#### Problem to solve
Your answer must be the line holding "exists (expert_profile e" followed by every later line through the end of the entries, exactly as written.
++++++++++
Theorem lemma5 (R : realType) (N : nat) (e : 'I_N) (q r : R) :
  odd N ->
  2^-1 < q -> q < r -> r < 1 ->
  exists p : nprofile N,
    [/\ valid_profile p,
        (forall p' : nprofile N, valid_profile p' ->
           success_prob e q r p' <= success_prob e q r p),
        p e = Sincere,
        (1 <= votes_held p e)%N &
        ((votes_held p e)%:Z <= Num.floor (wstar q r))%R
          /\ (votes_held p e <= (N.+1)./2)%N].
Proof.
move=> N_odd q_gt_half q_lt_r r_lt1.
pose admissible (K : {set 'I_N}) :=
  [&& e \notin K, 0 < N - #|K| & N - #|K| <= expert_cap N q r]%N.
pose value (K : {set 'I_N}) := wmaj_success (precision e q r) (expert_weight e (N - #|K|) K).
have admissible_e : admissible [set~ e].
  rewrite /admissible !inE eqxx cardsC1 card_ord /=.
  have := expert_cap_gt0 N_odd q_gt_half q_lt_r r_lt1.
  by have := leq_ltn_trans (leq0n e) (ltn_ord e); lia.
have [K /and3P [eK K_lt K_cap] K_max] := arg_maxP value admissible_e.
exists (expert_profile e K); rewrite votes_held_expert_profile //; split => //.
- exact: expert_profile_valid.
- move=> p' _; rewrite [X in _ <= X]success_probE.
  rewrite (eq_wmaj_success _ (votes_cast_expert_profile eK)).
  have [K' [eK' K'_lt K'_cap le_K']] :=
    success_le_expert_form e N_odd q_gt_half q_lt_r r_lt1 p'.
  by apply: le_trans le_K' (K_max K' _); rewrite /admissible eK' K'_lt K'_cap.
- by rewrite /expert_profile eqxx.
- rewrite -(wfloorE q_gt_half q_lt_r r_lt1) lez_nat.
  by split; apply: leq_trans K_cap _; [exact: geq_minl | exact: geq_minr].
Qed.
++++++++++
#### Task output
exists (expert_profile e K); rewrite votes_held_expert_profile //; split => //.
- exact: expert_profile_valid.
- move=> p' _; rewrite [X in _ <= X]success_probE.
  rewrite (eq_wmaj_success _ (votes_cast_expert_profile eK)).
  have [K' [eK' K'_lt K'_cap le_K']] :=
    success_le_expert_form e N_odd q_gt_half q_lt_r r_lt1 p'.
  by apply: le_trans le_K' (K_max K' _); rewrite /admissible eK' K'_lt K'_cap.
- by rewrite /expert_profile eqxx.
- rewrite -(wfloorE q_gt_half q_lt_r r_lt1) lez_nat.
  by split; apply: leq_trans K_cap _; [exact: geq_minl | exact: geq_minr].
Qed.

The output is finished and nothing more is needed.